4. The deep learning-based traffic target detection method for unmanned aerial vehicle according to claim 1, wherein the S2 comprises:

s2-1, adding an upsampling layer in an upsampling module of a PAN feature fusion network of a YOLOv5 target detection model, wherein the upsampling layer is an upsampling layer increased by 4 times on the basis of 8 times, 16 times and 32 times of the upsampling layer;

s2-2, adding a Concat fusion layer in a PAN feature fusion network of a YOLOv5 target detection model, and performing feature fusion on the feature graph with the same size obtained in the process of extracting features of the added 4 times of upsampling layers and the backbone network through the added Concat fusion layer to generate a 4 times of upsampling feature graph;

s2-3, adding a small target detection layer, using the 4 times of up-sampled feature map for small target detection, adding a traffic target detection model for unmanned driving based on deep learning into prediction layers of 4 scales, and using the prediction layers for multi-scale detection of Head part;

and S2-4, adding a group of anchor point frames with small target sizes according to the added small target detection layer, and acquiring the anchor point frames according with the small target size characteristics by adopting a K-means self-adaptive algorithm.

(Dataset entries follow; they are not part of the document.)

(* Let $I$ be a countable index set with nested finite subsets $I_1\subset I_2\subset\cdots$, $\bigcup_nI_n=I$, let $W$ be a compact Hausdorff space and $m:\mathcal{F}[I]\to C^*(W)$ a minimal frame measure function. Then there exists a continuous bijection $\varphi:\mathbb{N}^0\to W$ with continuous inverse such that $m(\mathcal{F})(\varphi(\hat p))=\mu^0(\mathcal{F})(\hat p)$ for all $\hat p\in\mathbb{N}^0$ and all $\mathcal{F}\in\mathcal{F}[I]$.
   Context: $\mathcal{F}[I]$: families $\{f_i\}_{i\in I}$ in a separable Hilbert space that are frames for their closed span; $\tilde f_i=S^{-1}f_i$ canonical dual; $b(\mathcal{F})=(b_n)$ with $b_n=\sum_{i\in I_n}\langle f_i,\tilde f_i\rangle$. Frame compatible sequences: nonnegative $\mathbf{x}$ with $0\le x_1\le|I_1|$, $0\le x_i-x_{i-1}\le|I_i\setminus I_{i-1}|$; $X$ their set, $X^+=\{c\mathbf{x}:c\ge0,\mathbf{x}\in X\}$, $X^{\mathbb{R}}=X^+-X^+$. $\mathbf{x}\approx\mathbf{y}$ iff $\lim(x_n-y_n)/|I_n|=0$; $\mathbf{y}\leqq\mathbf{x}$ iff $\liminf(x_n-y_n)/|I_n|\ge0$. For compact Hausdorff $V$, $C^*(V)$: real continuous functions. A sequence measure function is a linear $m:X^{\mathbb{R}}\to C^*(V)$ with $m(\mathbf{x})=m(\mathbf{y})\iff\mathbf{x}\approx\mathbf{y}$ on $X^{\mathbb{R}}$, $m(\mathbf{x})\le m(\mathbf{y})\iff\mathbf{x}\leqq\mathbf{y}$ on $X^+$, $m((|I_1|,|I_2|,\dots))=1$. It is separable if $m(X^{\mathbb{R}})$ separates points of $V$; reducible if for some compact $V'\subsetneq V$ the restriction $\mathbf{x}\mapsto m(\mathbf{x})|_{V'}$ is a sequence measure function; minimal if separable and not reducible. A frame measure function is $\mathcal{F}\mapsto m(b(\mathcal{F}))$ with $m$ a sequence measure function; it is minimal if $m$ is minimal. $\mathbb{N}^*$: free ultrafilters on $\mathbb{N}$ with its standard (Stone–Čech remainder) topology; $\mu(\mathbf{x})(p)=p\text{-}\lim_n x_n/|I_n|$ (ultrafilter limit). Define $p_1\sim p_2$ iff $\mu(\mathbf{x})(p_1)=\mu(\mathbf{x})(p_2)$ for all $\mathbf{x}\in X^{\mathbb{R}}$, $\mathbb{N}^0=\mathbb{N}^*/\sim$ with the quotient topology, $\hat p$ the class of $p$, and $\mu^0(\mathcal{F})(\hat p)=\mu(b(\mathcal{F}))(p)=p\text{-}\lim_n b_n(\mathcal{F})/|I_n|$. *)

From HB Require Import structures.
From mathcomp Require Import all_boot all_order all_algebra finmap generic_quotient.
From mathcomp Require Import all_classical all_reals all_analysis.
From mathcomp Require Import complex.
Lemma trel_glued a b : trel X a b -> a = b \/ glued a b.
Proof.
  induction 1 as [a b H | a | a b _ IH | a b c _ IH1 _ IH2].
  - right. destruct H as (m & n & p & q & Hp & Hq & _ & -> & -> & E1 & E2).
    exists m, n, p, q. unfold pos. rewrite E1, E2. auto.
  - now left.
  - destruct IH as [-> | (m & n & p & q & Hp & Hq & -> & -> & E)]; [now left|].
    right. exists n, m, q, p. auto.
  - destruct IH1 as [-> | (m & n & p & q & Hp & Hq & -> & -> & E)]; [exact IH2|].
    destruct IH2 as [<- | (n' & k & p' & r & Hp' & Hr & E' & -> & E2)].
    + right. exists m, n, p, q. auto.
    + injection E' as <- Es. apply sqS_inj in Es; auto. subst p'.
      right. exists m, k, p, r. do 4 (split; [auto|]). congruence.
Qed.

Lemma trel_pos m n p q : M0 p -> M0 q -> trel X (m, S p) (n, S q) -> pos m p = pos n q.
Proof.
  intros Hp Hq H. destruct (trel_glued _ _ H) as [E | (m' & n' & p' & q' & Hp' & Hq' & E1 & E2 & E)].
  - injection E as <- Es. apply sqS_inj in Es; congruence.
  - injection E1 as <- Es1. injection E2 as <- Es2.
    apply sqS_inj in Es1; auto. apply sqS_inj in Es2; auto. congruence.
Qed.

End Gluing.

(** * The quotient distance is a pseudometric *)

Lemma last_cons {A} (x : A) l a : last (x :: l) a = last l x.
Proof.
  induction l as [|y l IH] in x, a |- *; [reflexivity|].
  change (last (x :: y :: l) a) with (last (y :: l) a). now rewrite !IH.
Qed.

Lemma last_app {A} (l1 l2 : list A) a : last (l1 ++ l2) a = last l2 (last l1 a).
Proof.
  induction l1 as [|x l1 IH] in a |- *; [reflexivity|].
  rewrite <- app_comm_cons, !last_cons. apply IH.
Qed.

Lemma last_map {A B} (f : A -> B) l a : last (map f l) (f a) = f (last l a).
Proof.
  induction l as [|x l IH] in a |- *; [reflexivity|].
  simpl map. rewrite !last_cons. apply IH.
Qed.

Section QuotientDistance.
Variable X : SqMS.

Lemma base_d_ge0 a b : 0 <= base_d X a b.
Proof.
  unfold base_d. destruct N_eq_dec; [|lra].
  pose proof (dist_ge0 X (snd a) (snd b)). lra.
Qed.

Lemma base_d_le2 a b : base_d X a b <= 2.
Proof.
  unfold base_d. destruct N_eq_dec; [|lra].
  pose proof (dist_le2 X (snd a) (snd b)). lra.
Qed.

Lemma step_cost_ge0 a b : 0 <= step_cost X a b.
Proof. unfold step_cost. destruct excluded_middle_informative; [lra | apply base_d_ge0]. Qed.

Lemma step_cost_le_base a b : step_cost X a b <= base_d X a b.
Proof. unfold step_cost. destruct excluded_middle_informative; [apply base_d_ge0 | lra]. Qed.

Lemma step_cost_trel a b : trel X a b -> step_cost X a b = 0.
Proof. unfold step_cost. destruct excluded_middle_informative; tauto. Qed.

Lemma step_cost_sym a b : step_cost X a b = step_cost X b a.
Proof.
  unfold step_cost.
  destruct (excluded_middle_informative (trel X a b)) as [H | H],
    (excluded_middle_informative (trel X b a)) as [H' | H']; auto.
  - now elim H'; apply rst_sym.
  - now elim H; apply rst_sym.
  - unfold base_d.
    destruct (N_eq_dec (fst a) (fst b)), (N_eq_dec (fst b) (fst a)); try congruence.
    now rewrite dist_sym.
Qed.

Lemma chain_cost_ge0 a l : 0 <= chain_cost X a l.
Proof.
  induction l as [|x l IH] in a |- *; simpl; [lra|].
  pose proof (step_cost_ge0 a x). pose proof (IH x). lra.
Qed.

Lemma chain_cost_app a l1 l2 :
  chain_cost X a (l1 ++ l2) = chain_cost X a l1 + chain_cost X (last l1 a) l2.
Proof.
  induction l1 as [|x l1 IH] in a |- *; [simpl; lra|].
  cbn [chain_cost app]. rewrite IH, last_cons. lra.
Qed.

Lemma chain_cost_rev a l : exists l',
  last l' (last l a) = a /\ chain_cost X (last l a) l' = chain_cost X a l.
Proof.
  induction l as [|x l IH] in a |- *; [now exists nil|].
  destruct (IH x) as [l' [E C]]. rewrite last_cons. exists (l' ++ a :: nil). split.
  - now rewrite last_app.
  - rewrite chain_cost_app, E, C. simpl. rewrite step_cost_sym. lra.
Qed.

Definition chain_costs (a b : TP X) (r : R) : Prop :=
  exists l, last l a = b /\ r = chain_cost X a l.

Lemma tdist_glb a b : is_glb_Rbar (chain_costs a b) (tdist X a b).
Proof.
  pose proof (Glb_Rbar_correct (chain_costs a b)) as Hglb.
  assert (Hlow : Rbar_le 0 (Glb_Rbar (chain_costs a b))).
  { apply Hglb. intros r [l [_ ->]]. apply chain_cost_ge0. }
  assert (Hup : Rbar_le (Glb_Rbar (chain_costs a b)) (chain_cost X a (b :: nil))).
  { apply Hglb. now exists (b :: nil). }
  change (tdist X a b) with (real (Glb_Rbar (chain_costs a b))).
  destruct (Glb_Rbar (chain_costs a b)); easy.
Qed.

Lemma tdist_le_chain a l : tdist X a (last l a) <= chain_cost X a l.
Proof. apply (proj1 (tdist_glb a (last l a))). now exists l. Qed.

Lemma tdist_ge a b K :
  (forall l, last l a = b -> K <= chain_cost X a l) -> K <= tdist X a b.
Proof.
  intros H. apply (proj2 (tdist_glb a b) K). intros r [l [E ->]]. now apply H.
Qed.

Lemma tdist_ge0 a b : 0 <= tdist X a b.
Proof. apply tdist_ge. intros. apply chain_cost_ge0. Qed.

Lemma tdist_le_base a b : tdist X a b <= base_d X a b.
Proof.
  pose proof (tdist_le_chain a (b :: nil)). pose proof (step_cost_le_base a b).
  simpl in *. lra.
Qed.

Lemma tdist_le2 a b : tdist X a b <= 2.
Proof. eapply Rle_trans; [apply tdist_le_base | apply base_d_le2]. Qed.

Lemma tdist_trel a b : trel X a b -> tdist X a b = 0.
Proof.
  intros H. apply Rle_antisym; [|apply tdist_ge0].
  pose proof (tdist_le_chain a (b :: nil)). simpl in *. rewrite step_cost_trel in *; auto. lra.
Qed.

5. The deep learning-based traffic target detection method for unmanned aerial vehicle according to claim 1, wherein in S3:

introducing an ACmix module into a YOLOv5 target detection model, wherein the ACmix module comprises: an ACmix module is inserted at the tail of a backbone network of YOLOv5, namely between the last CBL module and the SPP module in the backbone network, so that the model feature expression capability is improved, and the model operation overhead is reduced.